Yaden, 414, quoted in 71 A.L.R.5th, *4.

{¶ 21} The A.L.R. article also discusses how the federal domestic violence statutes use the term "cohabitation."

When used as a preposition in statutes generally, and specifically as used in Violence Against Women Act (VAWA) provision defining "intimate partner" as a person who has cohabited with the abuser "as a spouse," the word "as" means in the role, capacity, or function of, and in a manner similar to, or like. 18 U.S.C.A. § 2261(a),3 2266(A). U.S. v.Barnette, 211 F.3d 803 (4th Cir. 2000). 71 A.L.R.5th, *3.

{¶ 22} Because of the magnitude of legal authority defining the term "cohabitation" for purposes of different domestic violence statutes, I must dissent from the majority opinion.

{¶ 23} As noted by Williams, cohabitation means the "sharing of familial or financial responsibilities and consortium." Id., 465, emphasis added. When two unmarried people share financial responsibilities and engage in consortium with one another, what else have we done historically as a society other than to recognize that relationship as one that possesses the "design, qualities, significance or effect of marriage." See,State v. Ward, Green App. No. 2005-CA-75, 2006-Ohio-1407, ¶ 31- ¶ 36.

{¶ 24} When two unmarried people are deemed cohabitants under the domestic violence statute, they attain a legal status: each may prosecute the other person for an act of violence under the statute. It is a crime quite different from a general assault, precisely because of the special intimacy of the parties.

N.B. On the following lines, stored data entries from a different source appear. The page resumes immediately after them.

Lemma BigTheta_trans (f g h : R -> R) : BigTheta f g -> BigTheta g h -> BigTheta f h.
Proof.
  intros [c1 [c2 [x0 [Hc1 [Hc2 H]]]]] [d1 [d2 [y0 [Hd1 [Hd2 H']]]]].
  exists (c1 * d1), (c2 * d2), (Rmax x0 y0).
  split; [nra|split; [nra|]]. intros x Hx Hx0.
  destruct (H x Hx (Rle_trans _ _ _ (Rmax_l _ _) Hx0)) as [H1 H2].
  destruct (H' x Hx (Rle_trans _ _ _ (Rmax_r _ _) Hx0)) as [H3 H4].
  split; rewrite Rmult_assoc.
  - apply (Rle_trans _ (c1 * g x)); [apply Rmult_le_compat_l|]; lra.
  - apply (Rle_trans _ (c2 * g x)); [|apply Rmult_le_compat_l]; lra.
Qed.

Lemma BigTheta_mul_l (h f g : R -> R) (x1 : R) : (forall x, x1 <= x -> 0 <= h x) ->
  BigTheta f g -> BigTheta (fun x => h x * f x) (fun x => h x * g x).
Proof.
  intros Hh [c1 [c2 [x0 [Hc1 [Hc2 H]]]]]. exists c1, c2, (Rmax x0 x1).
  split; [exact Hc1|split; [exact Hc2|]]. intros x Hx Hx0.
  destruct (H x Hx (Rle_trans _ _ _ (Rmax_l _ _) Hx0)) as [H1 H2].
  pose proof (Hh x (Rle_trans _ _ _ (Rmax_r _ _) Hx0)) as Hhx.
  split; nra.
Qed.

Lemma Int_part_floor x : 0 <= x ->
  INR (Z.to_nat (Int_part x)) <= x < INR (Z.to_nat (Int_part x)) + 1.
Proof.
  intros Hx. destruct (base_Int_part x) as [H1 H2].
  assert (Hz : (0 <= Int_part x)%Z).
  { destruct (Z_lt_le_dec (Int_part x) 0) as [l|l]; auto.
    assert (IZR (Int_part x) <= -1) by (apply IZR_le; lia). lra. }
  rewrite INR_IZR_INZ, Z2Nat.id by exact Hz. lra.
Qed.

Lemma polychain_convex h x : 0 <= x ->
  let n := Z.to_nat (Int_part x) in let t := x - INR n in
  0 <= t < 1 /\ polychain h x = (1 - t) * hz h n + t * hz h (S n).
Proof.
  intros Hx n t. pose proof (Int_part_floor x Hx). split; [unfold t, n; lra|].
  unfold polychain. fold n. fold t. ring.
Qed.

Lemma polychain_nonneg h x : 0 <= x -> 0 <= polychain h x.
Proof.
  intros Hx. destruct (polychain_convex h x Hx) as [Ht ->].
  assert (Hz : forall n, 0 <= hz h n) by (intros [|n]; simpl; [lra|apply pos_INR]).
  pose proof (Hz (Z.to_nat (Int_part x))). pose proof (Hz (S (Z.to_nat (Int_part x)))). nra.
Qed.

Lemma polychain_theta (G : R -> R) (h : nat -> nat) (K c1 c2 : R) (N0 : nat) :
  0 < c1 -> 0 < c2 -> 0 < K -> (1 <= N0)%nat ->
  (forall x y, INR N0 <= x -> x <= y -> G x <= G y) ->
  (forall y, INR N0 <= y -> G (y + 1) <= K * G y) ->
  (forall N, (N0 <= N)%nat -> c1 * G (INR N) <= INR (h N) <= c2 * G (INR N)) ->
  BigTheta (polychain h) G.
Proof.
  intros Hc1 Hc2 HK HN0 Hmono Hstep Hh.
  exists (c1 / K), (c2 * K), (INR N0 + 1).
  split; [apply Rdiv_lt_0_compat; lra|split; [nra|]]. intros x Hx Hx0.
  pose proof (Int_part_floor x Hx) as Hf.
  destruct (polychain_convex h x Hx) as [Ht ->].
  set (n := Z.to_nat (Int_part x)) in *. set (t := x - INR n) in *.
  assert (HnN : (N0 <= n)%nat) by (destruct (le_lt_dec N0 n) as [|l]; auto; apply lt_INR in l; lra).
  assert (HN0n : INR N0 <= INR n) by (apply le_INR, HnN).
  replace (hz h n) with (INR (h n)) by (destruct n; [lia|reflexivity]).
  change (hz h (S n)) with (INR (h (S n))).
  destruct (Hh n HnN) as [Ha1 Ha2]. destruct (Hh (S n) ltac:(lia)) as [Hb1 Hb2].
  rewrite S_INR in Hb1, Hb2.
  pose proof (Hmono (INR n) (INR n + 1) HN0n ltac:(lra)) as M1.
  pose proof (Hmono (INR n) x HN0n ltac:(lra)) as M2.
  pose proof (Hmono x (INR n + 1) ltac:(lra) ltac:(lra)) as M3.
  pose proof (Hstep (INR n) HN0n) as S1.
  assert (INR (h n) <= c2 * G (INR n + 1)) by nra.
  assert (c1 * G (INR n) <= INR (h (S n))) by nra.
  assert (Hlo : c1 * G (INR n) <= (1 - t) * INR (h n) + t * INR (h (S n))) by nra.
  assert (Hhi : (1 - t) * INR (h n) + t * INR (h (S n)) <= c2 * G (INR n + 1)) by nra.
  assert (HGx : G x <= K * G (INR n)) by lra.
  assert (K * G (INR n) <= K * G x) by (apply Rmult_le_compat_l; lra).
  split.
  - apply (Rmult_le_reg_l K); [exact HK|].
    replace (K * (c1 / K * G x)) with (c1 * G x) by (field; lra). nra.
  - nra.
Qed.

Definition pow_ln (d : nat) (x : R) : R := ln x * x ^ d.

Lemma ln_le x y : 0 < x -> x <= y -> ln x <= ln y.
Proof. intros Hx [H|H]; [left; apply ln_increasing; auto|subst; lra]. Qed.

Lemma ln_nonneg x : 1 <= x -> 0 <= ln x.
Proof. intros H. rewrite <- ln_1. apply ln_le; lra. Qed.

Lemma pow_ln_mono d x y : 1 <= x -> x <= y -> pow_ln d x <= pow_ln d y.
Proof.
  intros Hx Hy. apply Rmult_le_compat; [apply ln_nonneg; lra|apply pow_le; lra| |].
  - apply ln_le; lra.
  - apply pow_incr; lra.
Qed.

Lemma pow_ln_step d y : 2 <= y -> pow_ln d (y + 1) <= 2 ^ S d * pow_ln d y.
Proof.
  intros Hy. unfold pow_ln.
  assert (H1 : (y + 1) ^ d <= 2 ^ d * y ^ d) by (rewrite <- Rpow_mult_distr; apply pow_incr; lra).
  assert (H2 : ln (y + 1) <= 2 * ln y).
  { replace (2 * ln y) with (ln (y ^ 2)) by (rewrite ln_pow by lra; simpl; lra).
    apply ln_le; simpl; nra. }
  assert (0 <= ln (y + 1)) by (apply ln_nonneg; lra).
  assert (0 <= y ^ d) by (apply pow_le; lra).
  assert (0 <= (y + 1) ^ d) by (apply pow_le; lra).
  apply (Rle_trans _ ((2 * ln y) * (2 ^ d * y ^ d))); [apply Rmult_le_compat; auto|].
  simpl. lra.
Qed.

Lemma ln2_pos : 0 < ln 2.
Proof. rewrite <- ln_1. apply ln_increasing; lra. Qed.

Lemma log2_ln_lower (N : nat) : (1 <= N)%nat -> INR (Nat.log2 N) * ln 2 <= ln (INR N).
Proof.
  intros HN. destruct (Nat.log2_spec N ltac:(lia)) as [H _].
  apply le_INR in H. rewrite pow_INR in H. simpl INR in H. replace (1 + 1) with 2 in H by lra.
  rewrite <- ln_pow by lra. apply ln_le; [apply pow_lt; lra|exact H].
Qed.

{¶ 25} For the foregoing reasons, I would find R.C. 2919.25 unconstitutional because it conflicts with the Ohio Constitution, Art. XV, § 11.

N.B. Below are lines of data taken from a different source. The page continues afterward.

(* Let $G$ be a group. (i) If $H \leqslant M \leqslant G$, $M$ is exponential in $G$ and $H$ is exponential in $M$, then $H$ is exponential in $G$. (ii) If $H$ and $K$ are exponential subgroups of $G$, then $H \cap K$ is exponential in $G$.
   Context: A subgroup $H$ of finite index in a group $G$ is called exponential in $G$ if $x^{|G:H|} \in H$ for every $x \in G$. *)

From Stdlib Require Import Arith.

Set Implicit Arguments.

Record group := Group {
  carrier :> Type;
  gmul : carrier -> carrier -> carrier;
  gone : carrier;
  ginv : carrier -> carrier;
  gmulA : forall x y z, gmul x (gmul y z) = gmul (gmul x y) z;
  gmul1 : forall x, gmul gone x = x;
  gmulV : forall x, gmul (ginv x) x = gone
}.

Arguments gmul {g}.
Arguments gone {g}.
Arguments ginv {g}.

Fixpoint gpow {G : group} (x : G) (n : nat) : G :=
  match n with
  | O => gone
  | S m => gmul x (gpow x m)
  end.

Definition is_subgroup {G : group} (H : G -> Prop) : Prop :=
  H gone /\ (forall x y, H x -> H y -> H (gmul x y)) /\
  (forall x, H x -> H (ginv x)).

Definition subset {G : group} (A B : G -> Prop) : Prop := forall x, A x -> B x.

Definition whole (G : group) : G -> Prop := fun _ => True.

Definition inter {G : group} (A B : G -> Prop) : G -> Prop :=
  fun x => A x /\ B x.

(* |M : H| = n : there is a left transversal t_0, ..., t_(n-1) in M of H,
   i.e. every x in M lies in exactly one left coset t_i H, i < n. *)
Definition has_index {G : group} (M H : G -> Prop) (n : nat) : Prop :=
  exists t : nat -> G,
    (forall i, i < n -> M (t i)) /\
    (forall x, M x ->
       (exists i, i < n /\ H (gmul (ginv (t i)) x)) /\
       (forall i j, i < n -> j < n ->
          H (gmul (ginv (t i)) x) -> H (gmul (ginv (t j)) x) -> i = j)).

Definition exponential {G : group} (M H : G -> Prop) : Prop :=
  exists n, has_index M H n /\ (forall x, M x -> H (gpow x n)).

From Stdlib Require Import Arith Lia List ClassicalEpsilon Classical.

(* An index is the size of a numbering of the cosets, so it is unique and
   multiplicative in towers H <= M <= L.  (i) follows from |G:H| = |G:M||M:H|
   and x^(mp) = (x^m)^p.  For (ii), H n K has finite index in H (at most
   |G:K|) and in K, and the tower law computed through H and through K gives
   |G : H n K| = |G:H||H : H n K| = |G:K||K : H n K|, a multiple of both
   exponents. *)

Section GroupFacts.
Context {G : group}.
Implicit Types x y t : G.

Lemma mulgV x : gmul x (ginv x) = gone.
Proof.
  set (y := gmul x (ginv x)).
  assert (idem_y : gmul y y = y).
  { unfold y. rewrite <- gmulA, (gmulA _ (ginv x) x (ginv x)), gmulV, gmul1.
    reflexivity. }
  rewrite <- (gmul1 _ y), <- (gmulV _ y) at 1.
  rewrite <- gmulA, idem_y. apply gmulV.
Qed.

Lemma mulg1 x : gmul x gone = x.
Proof. rewrite <- (gmulV _ x), gmulA, mulgV, gmul1. reflexivity. Qed.

Lemma mul_eq1_inv x y : gmul x y = gone -> x = ginv y.
Proof.
  intro E. rewrite <- (mulg1 x), <- (mulgV y), gmulA, E, gmul1. reflexivity.
Qed.

Lemma invgK x : ginv (ginv x) = x.
Proof. symmetry. apply mul_eq1_inv, mulgV. Qed.

Lemma invgM x y : ginv (gmul x y) = gmul (ginv y) (ginv x).
Proof.
  symmetry. apply mul_eq1_inv.
  rewrite <- gmulA, (gmulA _ (ginv x) x y), gmulV, gmul1, gmulV. reflexivity.
Qed.

Lemma leftquot_transl t x y :
  gmul (ginv (gmul (ginv t) x)) (gmul (ginv t) y) = gmul (ginv x) y.
Proof.
  rewrite invgM, invgK, <- gmulA, (gmulA _ t (ginv t) y), mulgV, gmul1.
  reflexivity.
Qed.

Lemma mulKg t y : gmul (ginv t) (gmul t y) = y.
Proof. rewrite gmulA, gmulV, gmul1. reflexivity. Qed.

Lemma gpowD x a b : gpow x (a + b) = gmul (gpow x a) (gpow x b).
Proof.
  induction a as [|a IH]; simpl.
  - rewrite gmul1. reflexivity.
  - rewrite IH, gmulA. reflexivity.
Qed.

Lemma gpowM x a b : gpow x (a * b) = gpow (gpow x a) b.
Proof.
  induction b as [|b IH]; simpl.
  - rewrite Nat.mul_0_r. reflexivity.
  - rewrite Nat.mul_succ_r, Nat.add_comm, gpowD, IH. reflexivity.
Qed.

Lemma subgroup_gpow (H : G -> Prop) x n : is_subgroup H -> H x -> H (gpow x n).
Proof. intros (H1 & HM & _) Hx. induction n; simpl; auto. Qed.

Lemma subgroup_leftquot (H : G -> Prop) t x y : is_subgroup H ->
  H (gmul (ginv t) x) -> H (gmul (ginv t) y) -> H (gmul (ginv x) y).
Proof. intros (_ & HM & HV) Hx Hy. rewrite <- (leftquot_transl t). auto. Qed.

Lemma subgroup_leftquot_trans (H : G -> Prop) t x y : is_subgroup H ->
  H (gmul (ginv t) x) -> H (gmul (ginv x) y) -> H (gmul (ginv t) y).
Proof.
  intros (_ & HM & _) Htx Hxy.
  replace (gmul (ginv t) y) with (gmul (gmul (ginv t) x) (gmul (ginv x) y)); auto.
  rewrite <- gmulA, (gmulA _ x (ginv x) y), mulgV, gmul1. reflexivity.
Qed.

Lemma is_subgroup_whole : is_subgroup (whole G).
Proof. repeat split. Qed.

Lemma is_subgroup_inter (H K : G -> Prop) :
  is_subgroup H -> is_subgroup K -> is_subgroup (inter H K).
Proof.
  intros (H1 & HM & HV) (K1 & KM & KV); unfold inter.
  split; [|split].
  - split; assumption.
  - intros x y [Hx Kx] [Hy Ky]. split; auto.
  - intros x [Hx Kx]. split; auto.
Qed.

End GroupFacts.

Lemma injective_bounded_le n n' (h : nat -> nat) :
  (forall i, i < n -> h i < n') ->
  (forall i j, i < n -> j < n -> h i = h j -> i = j) -> n <= n'.
Proof.
  intros h_bound h_inj.
  rewrite <- (length_seq n 0), <- (length_seq n' 0), <- (length_map h).
  apply NoDup_incl_length.
  - apply NoDup_map_NoDup_ForallPairs; [|apply seq_NoDup].
    intros a b Ha Hb. apply in_seq in Ha, Hb. apply h_inj; lia.
  - intros y Hy. apply in_map_iff in Hy as [a [<- Ha]].
    apply in_seq in Ha. apply in_seq. specialize (h_bound a). lia.
Qed.

Lemma digits_inj a b c d p :
  b < p -> d < p -> a * p + b = c * p + d -> a = c /\ b = d.
Proof.
  intros Hb Hd E.
  assert (a = c) by (destruct (Nat.lt_trichotomy a c) as [|[|]]; nia).
  subst. lia.
Qed.

Section CosetLabelings.
Context {G : group}.
Implicit Types (L M H K J : G -> Prop) (f g : G -> nat).

(* [f] numbers the left cosets of [H] in [M] injectively by [0, N); a
   labeling moreover uses every number below [n], so that [n = |M : H|]. *)
Definition coset_code M H (N : nat) f : Prop :=
  (forall x, M x -> f x < N) /\
  (forall x y, M x -> M y -> f x = f y <-> H (gmul (ginv x) y)).

Definition coset_labeling M H (n : nat) f : Prop :=
  coset_code M H n f /\ (forall i, i < n -> exists x, M x /\ f x = i).

Lemma has_index_labeling M H n :
  is_subgroup H -> has_index M H n -> exists f, coset_labeling M H n f.
Proof.
  intros SH [t [t_in t_cosets]].
  pose (f x := epsilon (inhabits 0) (fun i => i < n /\ H (gmul (ginv (t i)) x))).
  assert (f_spec : forall x, M x -> f x < n /\ H (gmul (ginv (t (f x))) x)).
  { intros x Mx. apply epsilon_spec, (t_cosets x Mx). }
  exists f. split; [split|].
  - intros x Mx. apply f_spec, Mx.
  - intros x y Mx My. destruct (f_spec x Mx) as [fx_lt Hx].
    destruct (f_spec y My) as [fy_lt Hy]. split.
    + intro E. rewrite E in Hx. exact (subgroup_leftquot _ _ _ _ SH Hx Hy).
    + intro Hxy. apply (proj2 (t_cosets y My)); auto.
      exact (subgroup_leftquot_trans _ _ _ _ SH Hx Hxy).
  - intros i Hi. exists (t i). split; [auto|].
    destruct (f_spec (t i) (t_in i Hi)) as [fti_lt Hti].
    apply (proj2 (t_cosets (t i) (t_in i Hi))); auto.
    rewrite gmulV. apply SH.
Qed.

Lemma labeling_has_index M H n f : coset_labeling M H n f -> has_index M H n.
Proof.
  intros [[f_lt f_eq] f_onto].
  pose (t i := epsilon (inhabits gone) (fun x => M x /\ f x = i)).
  assert (t_spec : forall i, i < n -> M (t i) /\ f (t i) = i).
  { intros i Hi. apply epsilon_spec, f_onto, Hi. }
  exists t. split.
  - intros i Hi. apply t_spec, Hi.
  - intros x Mx. split.
    + exists (f x). destruct (t_spec (f x) (f_lt x Mx)) as [Mt ft].
      split; [auto|]. apply f_eq; auto.
    + intros i j Hi Hj Hix Hjx.
      destruct (t_spec i Hi) as [Mti fti], (t_spec j Hj) as [Mtj ftj].
      apply (f_eq _ _ Mti Mx) in Hix. apply (f_eq _ _ Mtj Mx) in Hjx. lia.
Qed.

Lemma labeling_le_code M H n N f g :
  coset_labeling M H n f -> coset_code M H N g -> n <= N.
Proof.
  intros [[_ f_eq] f_onto] [g_lt g_eq].
  pose (r i := epsilon (inhabits gone) (fun x => M x /\ f x = i)).
  assert (r_spec : forall i, i < n -> M (r i) /\ f (r i) = i).
  { intros i Hi. apply epsilon_spec, f_onto, Hi. }
  apply (injective_bounded_le n N (fun i => g (r i))).
  - intros i Hi. apply g_lt, r_spec, Hi.
  - intros i j Hi Hj E.
    destruct (r_spec i Hi) as [Mi fi], (r_spec j Hj) as [Mj fj].
    apply (g_eq _ _ Mi Mj), (f_eq _ _ Mi Mj) in E. lia.
Qed.

Lemma has_index_unique M H n n' :
  is_subgroup H -> has_index M H n -> has_index M H n' -> n = n'.
Proof.
  intros SH In In'.
  destruct (has_index_labeling M H n SH In) as [f Lf].
  destruct (has_index_labeling M H n' SH In') as [g Lg].
  apply Nat.le_antisymm; eapply labeling_le_code; eauto; apply Lg || apply Lf.
Qed.

(* Unused numbers are squeezed out one at a time: the top label [N] is renamed
   to a free label [j], which keeps the code injective on cosets. *)
Lemma coset_code_labeling M H N f :
  coset_code M H N f -> exists n g, coset_labeling M H n g.
Proof.
  revert f. induction N as [|N IH]; intros f [f_lt f_eq].
  - exists 0, f. split; [split; auto|intros; lia].
  - destruct (classic (exists j, j <= N /\ ~ exists x, M x /\ f x = j))
      as [[j [Hj j_free]]|all_used].
    + apply (IH (fun x => if f x =? N then j else f x)).
      assert (f_ne_j : forall x, M x -> f x <> j)
        by (intros x Mx E; apply j_free; eauto).
      split.
      * intros x Mx. specialize (f_lt x Mx).
        destruct (Nat.eqb_spec (f x) N); [|lia].
        assert (j <> N) by (intros ->; apply j_free; eauto). lia.
      * intros x y Mx My. rewrite <- f_eq by auto.
        specialize (f_ne_j x Mx) as Hx. specialize (f_ne_j y My) as Hy.
        destruct (Nat.eqb_spec (f x) N), (Nat.eqb_spec (f y) N); split; lia.
    + exists (S N), f. split; [split; auto|].
      intros i Hi. apply NNPP. intro i_free. apply all_used.
      exists i. split; [lia|auto].
Qed.

Lemma coset_code_restrict L M K J N f :
  is_subgroup M -> subset M L -> (forall x, M x -> J x <-> K x) ->
  coset_code L K N f -> coset_code M J N f.
Proof.
  intros (_ & MM & MV) sML JK [f_lt f_eq]. split.
  - intros x Mx. apply f_lt, sML, Mx.
  - intros x y Mx My. rewrite JK by auto. apply f_eq; auto.
Qed.

Lemma has_index_restrict L M K J k :
  is_subgroup K -> is_subgroup M -> subset M L ->
  (forall x, M x -> J x <-> K x) ->
  has_index L K k -> exists p, has_index M J p.
Proof.
  intros SK SM sML JK Ik.
  destruct (has_index_labeling L K k SK Ik) as [f [Cf _]].
  destruct (coset_code_labeling M J k f) as [p [g Lg]].
  { exact (coset_code_restrict L M K J k f SM sML JK Cf). }
  exists p. exact (labeling_has_index M J p g Lg).
Qed.

(* The label of [x] is [f x * p + g (t^-1 x)], with [t] the chosen
   representative of the coset [x M]. *)
Lemma labeling_tower L M H m p f g :
  is_subgroup L -> subset H M -> subset M L ->
  coset_labeling L M m f -> coset_labeling M H p g ->
  exists F, coset_labeling L H (m * p) F.
Proof.
  intros (_ & LM & _) sHM sML [[f_lt f_eq] f_onto] [[g_lt g_eq] g_onto].
  pose (t i := epsilon (inhabits gone) (fun x => L x /\ f x = i)).
  assert (t_spec : forall i, i < m -> L (t i) /\ f (t i) = i).
  { intros i Hi. apply epsilon_spec, f_onto, Hi. }
  pose (r x := t (f x)).
  assert (r_in : forall x, L x -> M (gmul (ginv (r x)) x)).
  { intros x Lx. destruct (t_spec (f x) (f_lt x Lx)) as [Lr fr].
    apply f_eq; auto. }
  exists (fun x => f x * p + g (gmul (ginv (r x)) x)). split; [split|].
  - intros x Lx. specialize (f_lt x Lx).
    specialize (g_lt _ (r_in x Lx)). nia.
  - intros x y Lx Ly. pose proof (r_in x Lx) as Mx. pose proof (r_in y Ly) as My.
    split.
    + intro E.
      destruct (digits_inj _ _ _ _ _ (g_lt _ Mx) (g_lt _ My) E) as [Efx Eg].
      unfold r in *. rewrite Efx in *.
      rewrite (g_eq _ _ Mx My), leftquot_transl in Eg. exact Eg.
    + intro Hxy.
      assert (Efx : f x = f y) by (apply f_eq; auto).
      unfold r in *. rewrite Efx in *. f_equal. apply g_eq; auto.
      rewrite leftquot_transl. exact Hxy.
  - intros k Hk.
    assert (Hi : k / p < m) by (apply Nat.Div0.div_lt_upper_bound; lia).
    assert (Hj : k mod p < p) by (apply Nat.mod_upper_bound; lia).
    destruct (t_spec _ Hi) as [Lt ft].
    destruct (g_onto _ Hj) as [y [My gy]].
    set (u := t (k / p)) in *.
    assert (Luy : L (gmul u y)) by auto.
    assert (f_uy : f (gmul u y) = k / p).
    { rewrite <- ft. symmetry. apply f_eq; auto. rewrite mulKg. exact My. }
    exists (gmul u y). split; [exact Luy|].
    unfold r. rewrite f_uy. fold u. rewrite mulKg, gy, Nat.mul_comm.
    symmetry. apply Nat.div_mod_eq.
Qed.

Lemma has_index_mul L M H m p :
  is_subgroup L -> is_subgroup M -> is_subgroup H ->
  subset H M -> subset M L ->
  has_index L M m -> has_index M H p -> has_index L H (m * p).
Proof.
  intros SL SM SH sHM sML Im Ip.
  destruct (has_index_labeling L M m SM Im) as [f Lf].
  destruct (has_index_labeling M H p SH Ip) as [g Lg].
  destruct (labeling_tower L M H m p f g SL sHM sML Lf Lg) as [F LF].
  exact (labeling_has_index L H (m * p) F LF).
Qed.

Lemma exponential_trans L M H :
  is_subgroup L -> is_subgroup M -> is_subgroup H ->
  subset H M -> subset M L ->
  exponential L M -> exponential M H -> exponential L H.
Proof.
  intros SL SM SH sHM sML [m [Im Pm]] [p [Ip Pp]].
  exists (m * p). split.
  - exact (has_index_mul L M H m p SL SM SH sHM sML Im Ip).
  - intros x Lx. rewrite gpowM. auto.
Qed.

Lemma exponential_inter L H K :
  is_subgroup L -> is_subgroup H -> is_subgroup K ->
  subset H L -> subset K L ->
  exponential L H -> exponential L K -> exponential L (inter H K).
Proof.
  intros SL SH SK sHL sKL [m [Im Pm]] [k [Ik Pk]].
  pose proof (is_subgroup_inter H K SH SK) as SHK.
  destruct (has_index_restrict L H K (inter H K) k SK SH sHL) as [p Ip];
    [unfold inter; tauto|exact Ik|].
  destruct (has_index_restrict L K H (inter H K) m SH SK sKL) as [q Iq];
    [unfold inter; tauto|exact Im|].
  assert (sHKH : subset (inter H K) H) by (intros x []; auto).
  assert (sHKK : subset (inter H K) K) by (intros x []; auto).
  pose proof (has_index_mul L H _ m p SL SH SHK sHKH sHL Im Ip) as Imp.
  pose proof (has_index_mul L K _ k q SL SK SHK sHKK sKL Ik Iq) as Ikq.
  assert (index_eq : m * p = k * q)
    by exact (has_index_unique L _ _ _ SHK Imp Ikq).
  exists (m * p). split; [exact Imp|].
  - intros x Lx. split.
    + rewrite gpowM. apply subgroup_gpow; auto.
    + rewrite index_eq, gpowM. apply subgroup_gpow; auto.
Qed.

End CosetLabelings.

Theorem lemma4p6 (G : group) :
  (forall H M : G -> Prop,
     is_subgroup H -> is_subgroup M -> subset H M ->
     exponential (whole G) M -> exponential M H ->
     exponential (whole G) H) /\
  (forall H K : G -> Prop,
     is_subgroup H -> is_subgroup K ->
     exponential (whole G) H -> exponential (whole G) K ->
     exponential (whole G) (inter H K)).
Proof.
  split.
  - intros H M SH SM sHM.
    apply (exponential_trans (whole G) M H is_subgroup_whole SM SH sHM).
    intros x _. exact I.
  - intros H K SH SK.
    apply (exponential_inter (whole G) H K is_subgroup_whole SH SK);
      intros x _; exact I.
Qed.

1 For a very scholarly critique of the standard of review used in Burk and purportedly applied in Smead, supra, see Judge Fain's analysis in State v. Ward, Green App. No. 2005-CA-75, 2006-Ohio-1407. Also, see, the similarly rigorous analysis originally provided in the common pleas court opinion by Judge Friedman in State v. Burk (Mar. 23, 2005) Cuyahoga Common Pleas No. CR-462510.

2 Common law marriages were abolished in Ohio in 1991.

3 "§ 2261. Interstate domestic violence

(a) Offenses.

(1) Travel or conduct of offender. A person who travels in interstate or foreign commerce or enters or leaves Indian country or within the special maritime and territorial jurisdiction of the United States with the intent to kill, injure, harass, or intimidate a spouse, intimate partner, or dating partner, and who, in the course of or as a result of such travel, commits or attempts to commit a crime of violence against that spouse, intimate partner, or dating partner, shall be punished as provided in subsection (b).

(2) Causing travel of victim. A person who causes a spouse, intimate partner, or dating partner to travel in interstate or foreign commerce or to enter or leave Indian country by force, coercion, duress, or fraud, and who, in the course of, as a result of, or to facilitate such conduct or travel, commits or attempts to commit a crime of violence against that spouse, intimate partner, or dating partner * * *."